I have an app that has a tabBar Controller and a navBar Controller. It has ~8 views (a variety of web, table, standard, mail, address etc.), some created using IB some created using XCode to make the table views. I've ran the memory leak tester and it doesn't have memory leaks. It can crash at anytime on any of the views, If I flip back and forth between views and use some of the functions it closes the app.
I assume that either I am running 1) out of memory or 2) not releasing views correctly, which causes the app to close. The app is simple so I don't know how I could be out of memory and I've reviewed the code to the best of my ability for releasing the objects correctly.
So Here is my list of questions:
1) What and How to use some of the other debugging tools (or tell me what tools/files I should be looking for using)? I would like to narrow down the problem to its source.
2) What is the best practice for releasing these views? How?
3) How much memory do normal apps use? Is there a number that I should stay around? How do I verify that in the simulator? the Allocation tool?
Feel free to point me to apple docs or other stackoverflow questions that can help me.
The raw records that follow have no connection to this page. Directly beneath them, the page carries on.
(* Let $A$ be a commutative ring with $1$, let $T\subset A$ be an archimedean semiring containing $\frac1n$ for some integer $n>1$, and let $f\in A$. Assume that for every maximal ideal $\mathfrak m$ of $A$ there exists $s\in A\setminus\mathfrak m$ such that $s\ge0$ on $X_A(T)$ and $sf\in T$. Then $f\in T$.
   Context: A semiring $T\subset A$ is a subset containing $0$ and $1$ and closed under addition and multiplication; it is archimedean if for every $f\in A$ there is $n\in\mathbb{Z}$ with $n+f\in T$. The real spectrum $\mathrm{Sper}(A)$ is the set of pairs $\alpha=(\mathfrak p,\le)$ with $\mathfrak p$ a prime ideal of $A$ and $\le$ an ordering of the residue field of $\mathfrak p$; for $a\in A$, $a\ge_\alpha0$ means the image of $a$ in that residue field is $\ge0$ under $\le$ (similarly $>_\alpha$). $X_A(T)=\{\alpha\in\mathrm{Sper}(A): a\ge_\alpha0 \text{ for all } a\in T\}$. An element $s\in A$ satisfies $s\ge0$ on $X_A(T)$ if $s\ge_\alpha0$ for all $\alpha\in X_A(T)$. *)

From HB Require Import structures.
From mathcomp Require Import all_boot all_order all_algebra.
From mathcomp Require Import generic_quotient ring_quotient fraction.
From Stdlib Require Import ClassicalEpsilon.
Set Implicit Arguments. Unset Strict Implicit. Unset Printing Implicit Defensive.
Import Order.TTheory GRing.Theory Num.Theory.
Local Open Scope ring_scope.

(* A/p is given MathComp's quotient ring {ideal_quot p}; we equip it  *)
(* (classically) with its unit structure, so that it is an idomainType *)
(* and its fraction field {fraction _} is available.                  *)
Section ResidueField.
Variables (R : comNzRingType) (p : prime_idealr R).

Definition quotp : Type := {ideal_quot p}.
HB.instance Definition _ := GRing.ComNzRing.on quotp.

Definition quotp_unit : {pred quotp} :=
  fun x => if excluded_middle_informative (exists y : quotp, y * x = 1)
           then true else false.

Definition quotp_inv (x : quotp) : quotp :=
  match excluded_middle_informative (exists y : quotp, y * x = 1) with
  | left H => proj1_sig (constructive_indefinite_description _ H)
  | right _ => x
  end.

Lemma quotp_mulVx : {in quotp_unit, left_inverse 1 quotp_inv *%R}.
Proof.
move=> x; rewrite unfold_in /quotp_unit /quotp_inv.
case: excluded_middle_informative => // H _.
by case: constructive_indefinite_description.
Qed.

Lemma quotp_unitPl : forall x y : quotp, y * x = 1 -> quotp_unit x.
Proof.
move=> x y yx; rewrite /quotp_unit.
by case: excluded_middle_informative => // -[]; exists y.
Qed.

Lemma quotp_invr_out : {in [predC quotp_unit], quotp_inv =1 id}.
Proof.
move=> x; rewrite inE /= unfold_in /quotp_unit /quotp_inv.
by case: excluded_middle_informative.
Qed.

HB.instance Definition _ := GRing.ComNzRing_hasMulInverse.Build quotp
  quotp_mulVx quotp_unitPl quotp_invr_out.

Lemma quotp_integral : GRing.integral_domain_axiom quotp.
Proof. exact: Quotient.rquot_IdomainAxiom. Qed.

HB.instance Definition _ := GRing.ComUnitRing_isIntegral.Build quotp
  quotp_integral.

Definition residue_field : fieldType := {fraction quotp}.

Definition residue (a : R) : residue_field :=
  tofrac ((\pi_(quotp) a)%qT : quotp).

End ResidueField.

Definition field_ordering (K : fieldType) (le : rel K) : Prop :=
  [/\ reflexive le, antisymmetric le, transitive le & total le] /\
  (forall x y z, le x y -> le (x + z) (y + z)) /\
  (forall x y, le 0 x -> le 0 y -> le 0 (x * y)).

Record sper (A : comNzRingType) := Sper {
  sper_prime : prime_idealr A;
  sper_le : rel (residue_field sper_prime);
  sper_ordering : field_ordering sper_le
}.

Definition sper_ge0 (A : comNzRingType) (alpha : sper A) (a : A) : Prop :=
  @sper_le A alpha 0 (residue (sper_prime alpha) a).

Definition in_XA (A : comNzRingType) (T : {pred A}) (alpha : sper A) : Prop :=
  forall a, a \in T -> sper_ge0 alpha a.

Definition nonneg_on_XA (A : comNzRingType) (T : {pred A}) (s : A) : Prop :=
  forall alpha : sper A, in_XA T alpha -> sper_ge0 alpha s.

Definition is_semiring (A : comNzRingType) (T : {pred A}) : Prop :=
  semiring_closed T.

Definition archimedean_semiring (A : comNzRingType) (T : {pred A}) : Prop :=
  forall f : A, exists n : int, n%:~R + f \in T.

Definition maximal_ideal (A : comNzRingType) (m : {pred A}) : Prop :=
  idealr_closed m /\
  forall J : {pred A}, idealr_closed J -> {subset m <= J} -> J =i m.

(* The [s] attached to the maximal ideals generate the unit ideal (Krull), so
   [\sum_i a_i s_i = 1] for finitely many such [s_i].  Write [u = 1/n] and let [Tbar] be the set
   of [x] with [x + u^e \in T] for every [e]; it is a preordering, squares lying in it by the
   variance identity for Bernstein polynomials.  Every preordering avoiding [-1] is contained in
   a prime cone, i.e. a point of [Sper A]; as all [s_i] are [>= 0] on [X_A(T)] and cannot all
   vanish at a point, this forces [g = \sum_i s_i >= u^e] in [Tbar] for some [e].  With
   [y = 1 - c g], which lies between [0] and [1 - u^m] for a suitable [c = u^k], the truncated
   geometric series [t_i = c \sum_(k <= K) y^k + a_i y^(K+1)] lie in [T] for [K] large and
   satisfy [\sum_i t_i s_i = 1]; hence [f = \sum_i t_i (s_i f) \in T]. *)

From HB Require Import structures.
From mathcomp Require Import all_boot all_order all_algebra.
From mathcomp Require Import generic_quotient ring_quotient fraction.
From mathcomp Require Import ring zify.
From mathcomp Require Import boolp classical_sets.
From Stdlib Require Import Classical.
Import Order.TTheory GRing.Theory Num.Theory.
Set Implicit Arguments. Unset Strict Implicit. Unset Printing Implicit Defensive.
Local Open Scope ring_scope.

Lemma tofrac_div_surj (R : idomainType) (x : {fraction R}) :
  exists a b : R, b != 0 /\ x = tofrac a / tofrac b.
Proof.
rewrite -[x]reprK; case: (repr x) => [[a b] /= b_neq0].
exists a, b; split => //.
have bF_neq0 : tofrac b != 0 by rewrite tofrac_eq0.
apply: (mulfI bF_neq0); rewrite mulrCA divff // mulr1.
rewrite {1}/tofrac -lock.
etransitivity; first exact: (esym (FracField.pi_mul (Ratio b 1) (@mkRatio _ (a, b) b_neq0))).
rewrite /tofrac -lock; apply/eqmodP; rewrite /= FracField.equivfE /FracField.mulf /=.
by rewrite !numden_Ratio ?oner_neq0 ?mulf_neq0 ?oner_neq0 //= mul1r mulr1 mulrC.
Qed.

Section Residue.
Variables (A : comNzRingType) (p : prime_idealr A).
Local Notation res := (residue p).

HB.instance Definition _ := GRing.RMorphism.copy res
  (@tofrac (quotp p) \o (\pi%qT : A -> quotp p)).

Lemma residue_eq0 a : (res a == 0) = (a \in p).
Proof.
rewrite /residue tofrac_eq0.
by have := Quotient.idealrBE (p : zmodClosed A) a 0; rewrite subr0 rmorph0 => ->.
Qed.

Lemma prime_idealr_notinM b d : b \notin p -> d \notin p -> b * d \notin p.
Proof. by rewrite prime_idealrM => /negPf -> /negPf ->. Qed.

Lemma residue_div_surj (z : residue_field p) :
  exists a b, b \notin p /\ z = res a / res b.
Proof.
have [x [y [y_neq0 ->]]] := tofrac_div_surj z.
exists (repr x), (repr y); split; last by rewrite /residue !reprK.
by rewrite -residue_eq0 /residue reprK tofrac_eq0.
Qed.

End Residue.

(* The positivity set of a point of Sper A; its support is the prime ideal of that point. *)
Record prime_cone (A : comNzRingType) := PrimeCone {
  cone :> A -> Prop;
  coneD : forall x y, cone x -> cone y -> cone (x + y);
  coneM : forall x y, cone x -> cone y -> cone (x * y);
  cone_total : forall x, cone x \/ cone (- x);
  cone_N1 : ~ cone (-1);
  cone_prime : forall x y, cone (x * y) -> cone (- (x * y)) ->
    (cone x /\ cone (- x)) \/ (cone y /\ cone (- y)) }.

Section PrimeCone.
Variables (A : comNzRingType) (C : prime_cone A).

Lemma cone_sqr x : C (x * x).
Proof. by case: (cone_total C x) => Cx; [|rewrite -mulrNN]; apply: coneM. Qed.

Lemma cone0 : C 0. Proof. by case: (cone_total C 0) => //; rewrite oppr0. Qed.

Definition cone_supp : {pred A} := fun a => `[< C a /\ C (- a) >].

Lemma cone_suppP a : reflect (C a /\ C (- a)) (a \in cone_supp).
Proof. exact: asboolP. Qed.

Lemma cone_suppM a x : x \in cone_supp -> a * x \in cone_supp.
Proof.
move=> /cone_suppP[Cx CNx]; apply/cone_suppP.
case: (cone_total C a) => Ca; first by rewrite -mulrN; split; apply: coneM.
by split; [rewrite -mulrNN|rewrite -mulNr]; apply: coneM.
Qed.

Lemma cone_supp_idealr : idealr_closed cone_supp.
Proof.
split; first by apply/cone_suppP; rewrite oppr0; split; apply: cone0.
  by apply/negP => /cone_suppP[_]; apply: cone_N1.
move=> a x y /(cone_suppM a)/cone_suppP[C1 C2] /cone_suppP[C3 C4].
by apply/cone_suppP; rewrite opprD; split; apply: coneD.
Qed.

HB.instance Definition _ := isIdealr.Build A cone_supp cone_supp_idealr.

Lemma cone_supp_prime : prime_idealr_closed cone_supp.
Proof.
move=> x y /cone_suppP[Cxy CNxy].
by case: (cone_prime Cxy CNxy) => supp_xy; apply/orP; [left|right]; apply/cone_suppP.
Qed.

HB.instance Definition _ := isPrimeIdealrClosed.Build A cone_supp cone_supp_prime.

Definition cone_prime_ideal : prime_idealr A := cone_supp.

Lemma cone_sum (I : Type) (r : seq I) (P : pred I) (F : I -> A) :
  (forall i, P i -> C (F i)) -> C (\sum_(i <- r | P i) F i).
Proof. by move=> CF; apply: (big_ind C) => //; [exact: cone0|exact: coneD]. Qed.

Lemma cone_sum_supp (I : eqType) (r : seq I) (F : I -> A) :
    {in r, forall i, C (F i)} -> C (- \sum_(i <- r) F i) ->
  {in r, forall i, F i \in cone_supp}.
Proof.
elim: r => [|j r IHr] // Cr CNsum i; rewrite big_cons in CNsum.
have Cr' : {in r, forall k, C (F k)} by move=> k kr; apply: Cr; rewrite inE kr orbT.
have Cj : C (F j) by apply: Cr; rewrite mem_head.
rewrite inE => /orP[/eqP ->|ir].
  apply/cone_suppP; split => //.
  have Csum : C (\sum_(k <- r) F k) by rewrite big_seq; apply: cone_sum.
  by have := coneD CNsum Csum; rewrite opprD subrK.
apply: (IHr Cr' _ i ir).
by have := coneD CNsum Cj; rewrite opprD addrAC addNr add0r.
Qed.

Local Notation p := cone_prime_ideal.
Local Notation res := (residue p).

(* [a / b >= 0] iff [a b = (a / b) b^2 >= 0] *)
Definition cone_pos (z : residue_field p) : Prop :=
  exists a b : A, [/\ b \notin p, z = res a / res b & C (a * b)].

Lemma cone_mul_residue_div a b c d : b \notin p -> d \notin p ->
  res a / res b = res c / res d -> C (a * b) -> C (c * d).
Proof.
move=> bp dp abcd Cab.
have [rb rd] : res b != 0 /\ res d != 0 by rewrite !residue_eq0.
have : (a * d - c * b) * (b * d) \in cone_supp.
  rewrite -[_ \in _]/(_ \in p) prime_idealrM -residue_eq0 rmorphB !rmorphM /=.
  rewrite (_ : res a = res c / res d * res b); first by rewrite mulrAC divfK // mulrC subrr eqxx.
  by rewrite -abcd divfK.
move=> /cone_suppP[Cs CNs].
have Ccdbb : C (c * d * (b * b)).
  have -> : c * d * (b * b) = a * b * (d * d) + - ((a * d - c * b) * (b * d)) by ring.
  by apply: coneD => //; apply: coneM => //; apply: cone_sqr.
case: (cone_total C (c * d)) => // CNcd.
have : c * d * (b * b) \in p.
  by apply/cone_suppP; split => //; rewrite -mulNr; apply: coneM => //; apply: cone_sqr.
by rewrite prime_idealrM [b * b \in p]prime_idealrM (negPf bp) /= orbF => /cone_suppP[].
Qed.

Lemma cone_pos_repr z a b : b \notin p -> z = res a / res b -> cone_pos z -> C (a * b).
Proof.
by move=> bp -> [c [d [dp cd Ccd]]]; apply: (cone_mul_residue_div dp bp _ Ccd).
Qed.

Lemma cone_pos_residue a : cone_pos (res a) <-> C a.
Proof.
have res_a : res a = res a / res 1 by rewrite rmorph1 divr1.
have one_notin : 1 \notin p by rewrite idealr1.
split; first by move/(cone_pos_repr one_notin res_a); rewrite mulr1.
by move=> Ca; exists a, 1; rewrite mulr1.
Qed.

Lemma cone_pos0 : cone_pos 0.
Proof. by rewrite -(rmorph0 res); apply/cone_pos_residue/cone0. Qed.

Lemma cone_posD z w : cone_pos z -> cone_pos w -> cone_pos (z + w).
Proof.
move=> [a [b [bp -> Cab]]] [c [d [dp -> Ccd]]].
have [rb rd] : res b != 0 /\ res d != 0 by rewrite !residue_eq0.
exists (a * d + c * b), (b * d); split; first exact: prime_idealr_notinM.
  by rewrite rmorphD !rmorphM /= addf_div.
have -> : (a * d + c * b) * (b * d) = a * b * (d * d) + c * d * (b * b) by ring.
by apply: coneD; apply: coneM => //; apply: cone_sqr.
Qed.

Lemma cone_posM z w : cone_pos z -> cone_pos w -> cone_pos (z * w).
Proof.
move=> [a [b [bp -> Cab]]] [c [d [dp -> Ccd]]].
exists (a * c), (b * d); split; first exact: prime_idealr_notinM.
  by rewrite !rmorphM /= mulf_div.
have -> : a * c * (b * d) = a * b * (c * d) by ring.
exact: coneM.
Qed.

Lemma cone_pos_total z : cone_pos z \/ cone_pos (- z).
Proof.
have [a [b [bp E]]] := residue_div_surj z.
case: (cone_total C (a * b)) => Cab; [left|right]; first by exists a, b.
by exists (- a), b; rewrite mulNr E rmorphN /= mulNr.
Qed.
UPDATE: It appears to only be crashing one view is used, which has a table view with custom cells... The cell are populated from a plist file... this view worked fine a few days ago, I notice that some cells do not have data from the plist file... it could be a plist file problem with not storing proper data. I'll continue to work on it.
UPDATE #2: I went back to older rev of my files, to when this particular tableView worked just fine (pre 3.0) and guess what it works just fine, I change the simulator to 3.0 with this rev of the app and bam crash on this tableView shows up. Thanks for the help so far, I'll try somethings mentioned below and let you know what I find. If you have some tips on why a tableView w/custom cells from 2.2.1 to 3.0 would start crashing, I'll take them. If I can't get anywhere I'll post the code soon. BTW, I mis-spoke above, I thought it wasn't crashing in the simulator... I was wrong it is.
Solution: thanks for the troubleshooting tips the fix was quite simple, but it's odd it didn't crash in 2.2.1... it should have crashed a long time ago for the problem, I was releasing an object one to many times in my custom cell... duh.
On the first and second generation phone's you really don't want to be going over about 20 megs of real memory usage - once you get over that you are at risk of being killed by springboard.
One of the big culprits I've seen is autoreleased memory, since the autorelease pool can hold onto memory a lot longer than you would really like - if you are using a lot of autoreleased objects that can be a potential problem. You can improve this by doing more explicit retain/release where possible and by creating local autorelease pools manually and releasing them after doing a more intensive operation with a lot of autoreleased objects.
The most effective way to keep track of real memory usage I've found so far is running a debug build on a test phone and running with Activity Monitor. That will give you a clear idea of how much memory is getting taken and held onto by your app. As well as how much is being used when it crashes on you.
You can run with Activity Monitor in Xcode on the Run menu -> Start With Performance Tool -> Activity Monitor.
One other very useful tool is the CLang Static Analyzer that you can run against your code base and can give some very helpful memory management information. As mentioned here.
One thing I would try is putting some debug messages into your didReceiveMemoryWarning method(s). That way, if you are running out of memory, you'll at least have some warning.